Around them there is nothing but water and cool June air. “The summer I came to live here, I had run away from home. I was traveling for a week before the state troopers stopped me.”
“A week?”
“Yes.”
“One whole week?”
“Yes.”
“But that was two summers ago! You were twelve two summers ago!”
“I was.”
“What happened? Was he mean to you?”
“No, he wasn’t mean. He wasn’t like your dad, but he wasn’t mean, either.”
“Then why did you run away?”
“A few months after my mom died, we were living in Friday Harbor. He took my mother’s things, all we had left of her, and he used them to gamble. Poker.”
“My dad plays poker. He has poker nights with my uncles.”
“My dad plays in Vegas.”
“Las Vegas?”
“He’s a pro. He taught me.”
“No way.”
“Yes way.”
“Sheesh, Alice. And he gambled away your mom’s things?”
“I found out, and I got so angry, I took my baseball bat and smashed pretty much everything in my room.”

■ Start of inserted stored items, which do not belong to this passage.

Lemma eq_fun_next_occ (T : eqType) n (f g : 'I_n -> T) :
  next_occ f =2 next_occ g -> (forall s, first_occ f s -> f s = g s) -> f =1 g.
Proof.
move=> fg first_fg; apply: (next_occ_ind first_fg) => i l fil fgi.
have /next_occP[_ <- _] := fil; rewrite fg in fil.
by have /next_occP[_ <- _] := fil.
Qed.

(** * Chains of a partial injection *)

Lemma connect_first_step (T : finType) (e : rel T) a b :
  connect e a b -> a != b -> exists2 c, e a c & connect e c b.
Proof.
move=> /connectP[[|c p] /= + ->]; first by rewrite eqxx.
by move=> /andP[eac pth] _; exists c => //; apply/connectP; exists p.
Qed.

Lemma connect_last_step (T : finType) (e : rel T) a b :
  connect e a b -> a != b -> exists2 c, connect e a c & e c b.
Proof.
move=> eab ab; have eba : connect [rel x y | e y x] b a by rewrite connect_rev.
rewrite eq_sym in ab; have [c ebc eca] := connect_first_step eba ab.
by exists c; move: eca; rewrite connect_rev.
Qed.

Section Chains.
Variables (n N : nat) (r : rel 'I_n) (P : 'I_n -> nat).
Hypotheses (r_func : forall i l l', r i l -> r i l' -> l = l')
           (r_inj : forall i i' l, r i l -> r i' l -> i = i')
           (r_incr : forall i l, r i l -> (i < l) && (P i < P l))
           (P_inj : injective P) (P_le : forall i, P i <= N).

Local Notation chain := (connect (fun a b => r a b || r b a)).

Definition chain_min (i : 'I_n) : nat := \big[minn/N]_(j | chain i j) P j.

Lemma connect_incr a b : connect r a b -> (a <= b) && (P a <= P b).
Proof.
move=> /connectP[p + ->]; elim: p a => [|c p IH] a /=; first by rewrite !leqnn.
move=> /andP[/r_incr/andP[ac Pac] /IH/andP[cb Pcb]].
by rewrite (leq_trans (ltnW ac) cb) (leq_trans (ltnW Pac) Pcb).
Qed.

Lemma chain_sym : connect_sym (fun a b => r a b || r b a).
Proof. by apply: sym_connect_sym => a b; rewrite orbC. Qed.

Lemma chain_total a b : chain a b -> connect r a b || connect r b a.
Proof.
pose S := [pred d | connect r a d || connect r d a].
have S_step c d : r c d || r d c -> c \in S -> d \in S.
  move=> /orP[] rcd /orP[] conn; rewrite inE.
  - by rewrite (connect_trans conn (connect1 rcd)).
  - have [<-|ca] := eqVneq c a; first by rewrite (connect1 rcd).
    have [e rce ea] := connect_first_step conn ca.
    by rewrite (r_func rcd rce) ea orbT.
  - have [->|ac] := eqVneq a c; first by rewrite (connect1 rcd) orbT.
    have [e ae rec] := connect_last_step conn ac.
    by rewrite (r_inj rcd rec) ae.
  - by rewrite (connect_trans (connect1 rcd) conn) orbT.
by move=> /(closed_connect (intro_closed chain_sym S_step)); rewrite !inE connect0 => <-.
Qed.

Lemma chain_min_le i j : chain i j -> chain_min i <= P j.
Proof. by move=> ij; rewrite /chain_min -minEnat -leEnat; apply: bigmin_le_cond. Qed.

Lemma chain_min_attained i : exists2 m, chain i m & chain_min i = P m.
Proof.
rewrite /chain_min -minEnat.
have [m im ->] :=
  @eq_bigmin _ _ _ N i (fun j => chain i j) P (connect0 _ i) (fun j _ => P_le j).
by exists m.
Qed.

Lemma chain_minE i j : chain i j = (chain_min i == chain_min j).
Proof.
apply/idP/eqP => [ij|].
  by apply: eq_bigl => k; apply/idP/idP => [|/(connect_trans ij)//];
     apply: connect_trans; rewrite chain_sym.
have [mi im ->] := chain_min_attained i; have [mj jm ->] := chain_min_attained j.
by move=> /P_inj mij; apply: connect_trans im _; rewrite chain_sym mij.
Qed.

Lemma first_occ_chain_min s : first_occ chain_min s -> chain_min s = P s.
Proof.
move=> /forallP first; have [m sm Em] := chain_min_attained s; rewrite Em; congr P.
have /orP[/connect_incr/andP[_ Psm]|/connect_incr/andP[ms _]] := chain_total sm.
  by apply: P_inj; apply/eqP; rewrite eqn_leq Psm andbT -Em chain_min_le ?connect0.
case: (ltngtP m s) ms => // [ms _|/val_inj //].
by move: (first m); rewrite ms -chain_minE chain_sym sm.
Qed.

Lemma next_occ_chain_min : r =2 next_occ chain_min.
Proof.
move=> i l; apply/idP/next_occP => [ril|[il /eqP + mid]].
  have /andP[il _] := r_incr ril.
  split=> //; first by apply/eqP; rewrite -chain_minE connect1 ?ril.
  move=> k /andP[ik kl]; apply/negP; rewrite eq_sym -chain_minE.
  move=> /chain_total/orP[ik'|/connect_incr/andP[]]; last by rewrite leqNgt ik.
  have [d rid dk] := connect_first_step ik' (negbT (ltn_eqF ik)).
  by move: (connect_incr dk); rewrite -(r_func ril rid) leqNgt kl.
rewrite -chain_minE => /chain_total/orP[il'|/connect_incr/andP[]];
  last by rewrite leqNgt il.
have [d rid dl] := connect_first_step il' (negbT (ltn_eqF il)).
have /andP[dl' _] := connect_incr dl; have /andP[id _] := r_incr rid.
case: (ltngtP d l) dl' => // [{}dl _|/val_inj <- //].
have cid : chain i d by apply: connect1; rewrite rid.
by move: (mid d); rewrite id dl eq_sym -chain_minE cid => /(_ isT).
Qed.

End Chains.

(** * Admissible words *)

Lemma index_take_eq (T : eqType) (s1 s2 : seq T) p x :
  take p s1 = take p s2 -> x \in take p s1 -> index x s1 = index x s2.
Proof.
move=> eq12 x1.
by rewrite -(cat_take_drop p s1) -(cat_take_drop p s2) !index_cat -eq12 x1.
Qed.

Section Words.
Variable n : nat.

Definition word_pos (w : seq 'I_n) (e : 'I_n) : nat := (index e w).+1.

Lemma mem_full_word (w : seq 'I_n) e : uniq w -> size w = n -> e \in w.
Proof.
move=> uw sw; have [_ ->] := uniq_min_size uw (fun e _ => mem_enum _ e)
  (eq_leq (etrans (size_enum_ord n) (esym sw))).
by rewrite mem_enum.
Qed.

Lemma word_pos_inj (w : seq 'I_n) : {in w &, injective (word_pos w)}.
Proof. by move=> x y xw yw [] /(index_inj x xw yw). Qed.

Lemma word_pos_rcons (w : seq 'I_n) z e :
  e \in w -> word_pos (rcons w z) e = word_pos w e.
Proof. by move=> ew; rewrite /word_pos -cats1 index_cat ew. Qed.

Lemma word_pos_rcons_last (w : seq 'I_n) z :
  z \notin w -> word_pos (rcons w z) z = (size w).+1.
Proof. by move=> zw; rewrite /word_pos -cats1 index_cat (negbTE zw) /= eqxx addn0. Qed.

Lemma word_pos_mem_le (w : seq 'I_n) e : e \in w -> word_pos w e <= size w.
Proof. by rewrite -index_mem. Qed.

Lemma card_word_pos_le (w : seq 'I_n) j : uniq w -> size w = n -> j <= n ->
  #|[set e | word_pos w e <= j]| = j.
Proof.
move=> uw sw jn; have -> : [set e | word_pos w e <= j] = [set e | e \in take j w].
  by apply/setP => e; rewrite !inE in_take // mem_full_word.
by rewrite cardsE (card_uniqP _) ?take_uniq // size_take sw; case: ltngtP jn.
Qed.

End Words.

Section AdmissibleWords.
Variables (n : nat) (f : 'I_n -> nat).

Record admissible_word (w : seq 'I_n) : Prop := AdmissibleWord {
  admissible_uniq : uniq w;
  admissible_size : size w = n;
  admissible_first : forall s, first_occ f s -> word_pos w s = f s;
  admissible_next : forall i l, next_occ f i l -> word_pos w i < word_pos w l;
  admissible_noncrossing : forall i l j k, next_occ f i l -> next_occ f j k ->
    word_pos w i < word_pos w j -> word_pos w l < word_pos w k }.

Lemma mem_admissible w e : admissible_word w -> e \in w.
Proof. by case=> uw sw _ _ _; apply: mem_full_word. Qed.

Lemma admissible_pos_le w e : admissible_word w -> word_pos w e <= n.
Proof.
by move=> A; rewrite -[leqRHS](admissible_size A) word_pos_mem_le // (mem_admissible _ A).
Qed.

Lemma admissible_pos_inj w : admissible_word w -> injective (word_pos w).
Proof. by move=> A x y; apply: word_pos_inj; apply: mem_admissible. Qed.

Lemma admissible_pred_in_prefix w w' p c :
  admissible_word w -> admissible_word w' -> take p w = take p w' ->
  index c w = p -> index c w' != p -> exists2 i, next_occ f i c & i \in take p w.
Proof.
move=> A A' ww' cw cw'.
have /first_occPn[i ic] : ~~ first_occ f c.
  apply: contra cw' => /[dup] /(admissible_first A) + /(admissible_first A').
  by rewrite /word_pos cw => <- [->].
exists i; rewrite // in_take ?(mem_admissible _ A) // -ltnS -cw.
exact: admissible_next A _ _ ic.
Qed.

Rachel’s eyes are wide now. Alice presses on—it’s now or never.
“Then I went into his room, and he was asleep. He had a switchblade knife. And I stood there with the knife in my hand until a dog barked in the yard next door. I stuck the blade into his dresser, as deep as I could, packed a bag, and left.”
They were still grasping each other’s hands.
“He didn’t put up a fight when my grandfather said he’d bring me here. We haven’t spoken since. And sometimes I dream about that night, about the knife.”
There, it was all out now.
The kayaks move gently in the tide. Rachel mulls it over. This is beyond her experience. Life in junior high, her brother’s bar mitzvah, and Uncle Harold’s divorce: those are things she understands. This is another world. Two things are clear: Alice has never told this story to anyone else before, and if Rachel chose to withdraw her friendship, Alice would accept that, and she’d slowly become just one more face in the school’s corridors.
“He didn’t take very good care of you,” Rachel says finally. “He didn’t take very good care of your mom’s things.”